Boston came terrifyingly close in 2012. Although Sandy caused catastrophic damage to many oceanfront homes and properties along Massachusetts’ southern coast, by the time the storm surge reached Boston the tide was low, so it went mostly unnoticed. If the surge had arrived a few hours earlier, coinciding with high tide, we would have had severe flooding.
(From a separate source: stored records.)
(* Let $N\ge1$, $\lambda_1,\dots,\lambda_N$ distinct real numbers, $\mu_1,\dots,\mu_N$ nonzero real constants, $A=\mathrm{diag}(\lambda_1,\dots,\lambda_N)$, $B=\mathrm{diag}(\mu_1,\dots,\mu_N)$. Define functions on $\mathbb{R}^{6N}$ by \[F_1=-8(\langle P_1,BQ_1\rangle-\langle P_3,BQ_3\rangle),\] and for $m\ge2$ \[\begin{aligned}F_m=&\,4\sum_{i=1}^{m-1}\Big[(\langle A^{i-1}P_1,BQ_1\rangle-\langle A^{i-1}P_3,BQ_3\rangle)(\langle A^{m-i-1}P_1,BQ_1\rangle-\langle A^{m-i-1}P_3,BQ_3\rangle)\\ &\quad+2(\langle A^{i-1}P_1,BQ_2\rangle+\langle A^{i-1}P_2,BQ_3\rangle)(\langle A^{m-i-1}P_2,BQ_1\rangle+\langle A^{m-i-1}P_3,BQ_2\rangle)\Big]\\ &-8(\langle A^{m-1}P_1,BQ_1\rangle-\langle A^{m-1}P_3,BQ_3\rangle).\end{aligned}\] Then every $F_m$, $m\ge1$, is an integral of motion of the nonlinearized spatial system \[ \begin{pmatrix}\phi_{1j}\\ \phi_{2j}\\ \phi_{3j}\end{pmatrix}_x=U(\tilde u,\lambda_j)\begin{pmatrix}\phi_{1j}\\ \phi_{2j}\\ \phi_{3j}\end{pmatrix},\qquad \begin{pmatrix}\psi_{1j}\\ \psi_{2j}\\ \psi_{3j}\end{pmatrix}_x=-U(\tilde u,\lambda_j)^T\begin{pmatrix}\psi_{1j}\\ \psi_{2j}\\ \psi_{3j}\end{pmatrix},\quad j=1,\dots,N, \] with $\tilde u=(\tilde q,\tilde r)^T$, $\tilde q=\sqrt2(\langle P_1,BQ_2\rangle+\langle P_2,BQ_3\rangle)$, $\tilde r=\sqrt2(\langle P_2,BQ_1\rangle+\langle P_3,BQ_2\rangle)$. Moreover, together with $\bar F_j=\sum_{i=1}^3\phi_{ij}\psi_{ij}$, $1\le j\le N$, they form an involutive system: \[\{F_k,F_l\}=\{F_m,\bar F_j\}=0,\qquad m,k,l\ge1,\ 1\le j\le N.\]
   Context: On $\mathbb{R}^{6N}$ with coordinates $\phi_{ij},\psi_{ij}$ ($i=1,2,3$, $j=1,\dots,N$), $P_i=(\phi_{i1},\dots,\phi_{iN})^T$, $Q_i=(\psi_{i1},\dots,\psi_{iN})^T$; $\langle\cdot,\cdot\rangle$ is the standard inner product on $\mathbb{R}^N$. For $u=(q,r)^T$, $U(u,\lambda)=\begin{pmatrix}-2\lambda&\sqrt2 q&0\\ \sqrt2 r&0&\sqrt2 q\\ 0&\sqrt2 r&2\lambda\end{pmatrix}$. The Poisson bracket is $\{F,G\}=\sum_{i=1}^3\big(\langle \tfrac{\partial F}{\partial Q_i},B^{-1}\tfrac{\partial G}{\partial P_i}\rangle-\langle \tfrac{\partial F}{\partial P_i},B^{-1}\tfrac{\partial G}{\partial Q_i}\rangle\big)$ with $\frac{\partial}{\partial P_i}=(\frac{\partial}{\partial\phi_{i1}},\dots,\frac{\partial}{\partial\phi_{iN}})^T$, similarly for $Q_i$. *)

From HB Require Import structures.
From mathcomp Require Import all_boot all_order all_algebra.
From mathcomp Require Import all_classical all_reals all_analysis.
Set Implicit Arguments. Unset Strict Implicit. Unset Printing Implicit Defensive.
Import Order.TTheory GRing.Theory Num.Theory.
Local Open Scope ring_scope.

Section Defs.
Variables (R : realType) (N : nat).

(* A point of R^{6N}: phi_{ij} = z.1 i j, psi_{ij} = z.2 i j,
   with i : 'I_3 (i = 1,2,3 is ordinal 0,1,2) and j : 'I_N. *)
Definition state := (('I_3 -> 'I_N -> R) * ('I_3 -> 'I_N -> R))%type.

Definition i1 : 'I_3 := Ordinal (isT : (0 < 3)%N).
Definition i2 : 'I_3 := Ordinal (isT : (1 < 3)%N).
Definition i3 : 'I_3 := Ordinal (isT : (2 < 3)%N).

Definition Pv (z : state) (i : 'I_3) : 'cV[R]_N := \col_j z.1 i j.
Definition Qv (z : state) (i : 'I_3) : 'cV[R]_N := \col_j z.2 i j.

Definition inner (u v : 'cV[R]_N) : R := (u^T *m v) ord0 ord0.

Definition diagM (d : 'I_N -> R) : 'M[R]_N := diag_mx (\row_j d j).

Definition Uentry (q r lam : R) (i k : 'I_3) : R :=
  match nat_of_ord i, nat_of_ord k with
  | 0, 0 => - 2 * lam
  | 0, 1 => Num.sqrt 2 * q
  | 1, 0 => Num.sqrt 2 * r
  | 1, 2 => Num.sqrt 2 * q
  | 2, 1 => Num.sqrt 2 * r
  | 2, 2 => 2 * lam
  | _, _ => 0
  end.
Definition Umat (q r lam : R) : 'M[R]_3 := \matrix_(i, k) Uentry q r lam i k.

Variables (lam mu : 'I_N -> R).
Let A := diagM lam.
Let B := diagM mu.

Definition ipAB (k : nat) (z : state) (a b : 'I_3) : R :=
  inner ((A ^+ k) *m Pv z a) (B *m Qv z b).

Definition Fint (m : nat) (z : state) : R :=
  if m == 1%N then - 8 * (ipAB 0 z i1 i1 - ipAB 0 z i3 i3)
  else
    4 * \sum_(1 <= i < m)
        ((ipAB i.-1 z i1 i1 - ipAB i.-1 z i3 i3)
           * (ipAB (m - i).-1 z i1 i1 - ipAB (m - i).-1 z i3 i3)
         + 2 * (ipAB i.-1 z i1 i2 + ipAB i.-1 z i2 i3)
             * (ipAB (m - i).-1 z i2 i1 + ipAB (m - i).-1 z i3 i2))
    - 8 * (ipAB m.-1 z i1 i1 - ipAB m.-1 z i3 i3).

Definition Fbar (j : 'I_N) (z : state) : R := \sum_(i < 3) z.1 i j * z.2 i j.

Definition qt (z : state) : R :=
  Num.sqrt 2 * (inner (Pv z i1) (B *m Qv z i2) + inner (Pv z i2) (B *m Qv z i3)).
Definition rt (z : state) : R :=
  Num.sqrt 2 * (inner (Pv z i2) (B *m Qv z i1) + inner (Pv z i3) (B *m Qv z i2)).

Definition phicol (z : state) (j : 'I_N) : 'cV[R]_3 := \col_i z.1 i j.
Definition psicol (z : state) (j : 'I_N) : 'cV[R]_3 := \col_i z.2 i j.

Definition is_solution (sol : R -> state) : Prop :=
  forall (x : R) (i : 'I_3) (j : 'I_N),
    derivable (fun t => (sol t).1 i j) x 1 /\
    derivable (fun t => (sol t).2 i j) x 1 /\
    derive1 (fun t => (sol t).1 i j) x
      = (Umat (qt (sol x)) (rt (sol x)) (lam j) *m phicol (sol x) j) i ord0 /\
    derive1 (fun t => (sol t).2 i j) x
      = ((- (Umat (qt (sol x)) (rt (sol x)) (lam j))^T) *m psicol (sol x) j) i ord0.

Definition integral_of_motion (F : state -> R) : Prop :=
  forall sol : R -> state, is_solution sol -> forall x y : R, F (sol x) = F (sol y).

Definition upd_phi (z : state) (i : 'I_3) (j : 'I_N) (t : R) : state :=
  (fun a b => if (a == i) && (b == j) then t else z.1 a b, z.2).
Definition upd_psi (z : state) (i : 'I_3) (j : 'I_N) (t : R) : state :=
  (z.1, fun a b => if (a == i) && (b == j) then t else z.2 a b).

Definition dP (F : state -> R) (z : state) (i : 'I_3) : 'cV[R]_N :=
  \col_j derive1 (fun t => F (upd_phi z i j t)) (z.1 i j).
Definition dQ (F : state -> R) (z : state) (i : 'I_3) : 'cV[R]_N :=
  \col_j derive1 (fun t => F (upd_psi z i j t)) (z.2 i j).

Definition Binv : 'M[R]_N := diagM (fun j => (mu j)^-1).

Definition pbracket (F G : state -> R) (z : state) : R :=
  \sum_(i < 3) (inner (dQ F z i) (Binv *m dP G z i)
                - inner (dP F z i) (Binv *m dQ G z i)).

End Defs.

(* The functions <A^k P_a, B Q_b> close under the Poisson bracket into a loop
   algebra, {<A^k P_a, B Q_b>, <A^l P_c, B Q_d>} = d_bc <A^(k+l) P_a, B Q_d>
   - d_ad <A^(k+l) P_c, B Q_b>, which is checked on the coordinates with the
   Leibniz rule.  The combinations u_k, v_k, w_k occurring in F_m therefore
   satisfy {u_k, v_l} = v_(k+l), {u_k, w_l} = -w_(k+l), {v_k, w_l} = u_(k+l),
   and F_(n+1) = 4 sum_(i+j=n-1) (u_i u_j + 2 v_i w_j) - 8 u_n.
   Writing the quadratic part with the invariant pairing of X_k = (u_k, v_k, w_k),
   the bracket of two quadratic parts is a sum of determinants
   det(X_(i+a), X_j, X_b) over i + j = n, a + b = m, which cancels because the
   determinant is totally antisymmetric; the cross terms with u_n cancel after
   reindexing.  The spatial system is the Hamiltonian flow of
   H = 2 u_1 - 2 v_0 w_0 = u_0^2 - F_2 / 4, so every F_m is conserved, and each
   Fbar_j commutes with all the <A^k P_a, B Q_b>. *)

From HB Require Import structures.
From mathcomp Require Import all_boot all_order all_algebra.
From mathcomp Require Import all_classical all_reals all_analysis.
From mathcomp Require Import ring zify.
Import Order.TTheory GRing.Theory Num.Theory.
Local Open Scope ring_scope.

Section AntisymmetricSums.
Variable R : numDomainType.
Implicit Types (n m : nat).

Lemma sum_nat_rev n (f : nat -> R) :
  \sum_(0 <= i < n.+1) f i = \sum_(0 <= i < n.+1) f (n - i)%N.
Proof. by rewrite big_nat_rev; apply: eq_big_nat => i _; rewrite add0n subSS. Qed.

Lemma sum_antisym_rev n (g : nat -> nat -> R) :
  (forall a b, g a b = - g b a) -> \sum_(0 <= i < n.+1) g (n - i)%N i = 0.
Proof.
move=> gN; set S := (X in X = 0).
have SN : S = - S.
  rewrite {1}/S sum_nat_rev -sumrN; apply: eq_big_nat => i /andP[_ lti].
  by rewrite gN subKn.
by apply/eqP; move/eqP: SN; rewrite -addr_eq0 -mulr2n mulrn_eq0.
Qed.

(* The terms are indexed by the triples (p, q, r) with p + q + r = n + m, q <= n
   and r <= m; summing first over q and completing to q <= n + m - r (a sum that
   vanishes by antisymmetry in p, q) leaves the triples with q > n, whose sums
   over r vanish by antisymmetry in p, r. *)
Lemma sum_antisym_triangle n m (D : nat -> nat -> nat -> R) :
  (forall p q r, D p q r = - D q p r) -> (forall p q r, D p q r = - D r q p) ->
  \sum_(0 <= i < n.+1) \sum_(0 <= a < m.+1) D (i + a)%N (n - i)%N (m - a)%N = 0.
Proof.
move=> Dpq Dpr; set s := (n + m)%N.
have -> : \sum_(0 <= i < n.+1) \sum_(0 <= a < m.+1) D (i + a)%N (n - i)%N (m - a)%N
        = \sum_(0 <= r < m.+1) \sum_(0 <= q < n.+1) D (s - r - q)%N q r.
  rewrite exchange_big sum_nat_rev; apply: eq_big_nat => r /andP[_ ltr].
  rewrite sum_nat_rev; apply: eq_big_nat => q /andP[_ ltq].
  by congr D; lia.
have split_q r : (0 <= r < m.+1)%N -> \sum_(0 <= q < n.+1) D (s - r - q)%N q r
    = - \sum_(n.+1 <= q < s.+1 | (q < (s - r).+1)%N) D (s - r - q)%N q r.
  move=> /andP[_ ltr]; transitivity (- \sum_(n.+1 <= q < (s - r).+1) D (s - r - q)%N q r).
    apply/eqP; rewrite -addr_eq0 -big_cat_nat; [|lia|lia].
    apply/eqP; exact: (@sum_antisym_rev (s - r) (fun a b => D a b r)).
  by congr (- _); apply: big_nat_widen; lia.
rewrite (eq_big_nat _ _ split_q) sumrN (exchange_big_dep_nat xpredT) //=.
rewrite big1_seq ?oppr0 // => q /andP[_ /[!mem_index_iota] /andP[ltnq ltqs]].
transitivity (\sum_(0 <= r < (s - q).+1) D (s - r - q)%N q r).
  rewrite [RHS](big_nat_widen _ _ m.+1); last by lia.
  by apply: eq_bigl => r /=; apply/idP/idP; lia.
rewrite -[RHS](@sum_antisym_rev (s - q) (fun a b => D a q b)) => [|a b]; last exact: Dpr.
by apply: eq_big_nat => r _; congr D; lia.
Qed.
(* Let $k\ge 2$ and let $f\in\mathcal{GB}_n^{2^k}$ be given by $f(\mathbf{x})=g(\mathbf{x})+2h(\mathbf{x})$ with $g\in\mathcal{B}_n$ and $h\in\mathcal{GB}_n^{2^{k-1}}$. Consider the statements (i) $f$ is gbent in $\mathcal{GB}_n^{2^k}$; (ii) $h$ and $h+2^{k-2}g$ are both gbent in $\mathcal{GB}_n^{2^{k-1}}$, and $\Im\big(\overline{\mathcal{H}^{(2^{k-1})}_h(\mathbf{u})}\,\mathcal{H}^{(2^{k-1})}_{h+2^{k-2}g}(\mathbf{u})\big)=0$ for all $\mathbf{u}\in\mathbb{F}_2^n$. If $n$ is even, (i) and (ii) are equivalent. If $n$ is odd, (ii) implies (i).
   Context: $\mathcal{B}_n$: Boolean functions $\mathbb{F}_2^n\to\mathbb{F}_2$; $\mathcal{GB}_n^q$: functions $\mathbb{F}_2^n\to\mathbb{Z}_q$ (Boolean values viewed as integers; $g+2h$ computed in $\mathbb{Z}_{2^k}$, $h+2^{k-2}g$ in $\mathbb{Z}_{2^{k-1}}$). $\mathcal{H}^{(q)}_f(\mathbf{u})=\sum_{\mathbf{x}\in\mathbb{F}_2^n}\zeta_q^{f(\mathbf{x})}(-1)^{\mathbf{u}\cdot\mathbf{x}}$ with $\zeta_q=e^{2\pi i/q}$ (for $q=2$ this is the ordinary Walsh–Hadamard transform); $f\in\mathcal{GB}_n^q$ is gbent if $|\mathcal{H}^{(q)}_f(\mathbf{u})|=2^{n/2}$ for all $\mathbf{u}$ (for $q=2$: bent). $\Im(z)$ is the imaginary part and $\bar z$ the complex conjugate. *)

From HB Require Import structures.
From mathcomp Require Import all_boot all_order all_algebra all_field.
Set Implicit Arguments. Unset Strict Implicit. Unset Printing Implicit Defensive.
Import Order.TTheory GRing.Theory Num.Theory.
Local Open Scope ring_scope.

Definition BV (n : nat) := {ffun 'I_n -> bool}.

Definition dotF2 n (u x : BV n) : bool := odd (\sum_(i < n) (u i && x i))%N.

(* zeta_q = e^{2 pi i / q} for even q: (q/2).-root (-1) is e^{i pi/(q/2)}
   (n.-root picks the root of minimal nonnegative argument). Only used for
   q = 2^m with m >= 1. *)
Definition zeta (q : nat) : algC := (q./2).-root (-1).
(* For every $F>0$ and every $v\in\mathcal U_0$, $$(E^{\rm ecc})'(Fx;v)=0,$$ where $E^{\rm ecc}(y)=\sum_{b\in\mathcal B,\ b\not\subset\Omega_c}e_b(y)+\sum_{b\in\mathcal B,\ b\subset\Omega_c}c_b(y)$.
   Context: One-dimensional setting. Fix integers $N\ge 1$, $R\ge 1$. Let $\Omega=(-N-R,N+R)$, $\Omega_c=(0,N)$, $\Omega_a=\Omega\setminus[0,N]$, $\mathcal I=\Omega\cap\mathbb Z$, $\mathcal I_a=\Omega_a\cap\mathbb Z$, $\mathcal I_D=\{i\in\mathbb Z: N\le |i|<N+R\}$. Let $\mathcal U$ be the set of real-valued functions $y$ on $\mathcal I_a\cup[0,N]$ whose restriction to $(0,N)$ lies in $W^{1,\infty}(0,N)$ (identified with its continuous representative on $[0,N]$); write $y_i=y(i)$. Let $\mathcal U_0=\{u\in\mathcal U: u_i=0 \text{ for all } i\in\mathcal I_D\}$. For $F\in\mathbb R$, $Fx$ denotes the element $y\in\mathcal U$ with $y(x)=Fx$. Let $\varphi:\mathbb R\to\mathbb R$ be continuously differentiable. A bond $(i,i+r)$ ($i\in\mathbb Z$, $r\ge1$) is the open interval from $i$ to $i+r$; $\mathcal B=\{(i,i+r): 1\le r\le R,\ i\in\mathcal I,\ i+r\in\mathcal I\}$. Exact contribution of $b=(i,i+r)$: $e_b(y)=\varphi(y_{i+r}-y_i)$. Continuum contribution: $c_b(y)=\frac1r\int_{b\cap\Omega_c}\varphi(r\,y'(x))\,dx$. For a functional $G$ on $\mathcal U$, $G'(y;v)=\frac{d}{dt}G(y+tv)\big|_{t=0}$. *)

From Stdlib Require Import Reals Lra Lia ZArith List ClassicalEpsilon.
Import ListNotations.
Open Scope R_scope.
Of course, we won’t always be so lucky. Even if no sea-level rise occurs, there is an almost 20 percent chance that a 5-foot flood will happen during the next 20 years. More-extreme floods are also possible. For close to 30 days of every year in Boston, high tides are one and a half feet or more above their normal level—here, they’re known colloquially as wicked high tides. If an especially big storm surge hit on one of those days, we could get a 7-foot flood, an event that could look a lot like Sandy. The chances of a 7-foot flood are low today. But as sea levels rise, the odds will get worse. The question is how much worse they’ll get, and how soon.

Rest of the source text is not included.